- Problem description -
Keyword search on "Import": report each line of the records that contains it.

(Stored items)
*** Begin section ***

(* In the setting below, there exist $K>0$ and $\hat\beta>0$ such that for all $\beta<\hat\beta$, $D,h\in\mathbb{R}$ and $N\ge2$, \[|p-p_-|\le\frac KN,\qquad |q-q_-|\le\frac KN.\]
   Context: Fix $S\ge1$ and let $X$ be standard Gaussian. For $b\ge0$ consider the system in $(p,q)$ $p=\mathbb{E}\big[\frac{\sum_{\gamma=1}^{S}\gamma^2\, 2\cosh[\gamma(\sqrt{q}bX+h)]e^{\gamma^2[D+\frac{b^2}{2}(p-q)]}}{1+\sum_{\gamma=1}^{S}2\cosh[\gamma(\sqrt{q}bX+h)]e^{\gamma^2[D+\frac{b^2}{2}(p-q)]}}\big]$, $q=\mathbb{E}\big[\big(\frac{\sum_{\gamma=1}^{S}\gamma\, 2\sinh[\gamma(\sqrt{q}bX+h)]e^{\gamma^2[D+\frac{b^2}{2}(p-q)]}}{1+\sum_{\gamma=1}^{S}2\cosh[\gamma(\sqrt{q}bX+h)]e^{\gamma^2[D+\frac{b^2}{2}(p-q)]}}\big)^2\big]$, which for $b$ below some threshold $\tilde\beta>0$ has a unique solution; $\beta<\tilde\beta$ is assumed. Let $(p,q)$ be the solution with $b=\beta$, let $\beta_-=\beta\sqrt{(N-1)/N}$ (so $\beta_-/\sqrt{N-1}=\beta/\sqrt N$), and let $(p_-,q_-)$ be the solution with $b=\beta_-$. *)

From Stdlib Require Import Reals Lra.
From Coquelicot Require Import Coquelicot.
Open Scope R_scope.

Fixpoint sum_spins (S : nat) (g : R -> R) : R :=
  match S with
  | O => 0
  | Datatypes.S S' => sum_spins S' g + g (INR S)
  end.

Definition gauss (x : R) : R := exp (- (x ^ 2) / 2) / sqrt (2 * PI).

Definition fld (b q h x gamma : R) : R := gamma * (sqrt q * b * x + h).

*** End section ***

- Solution for this task -
From Stdlib Require Import Reals Lra.
From Coquelicot Require Import Coquelicot.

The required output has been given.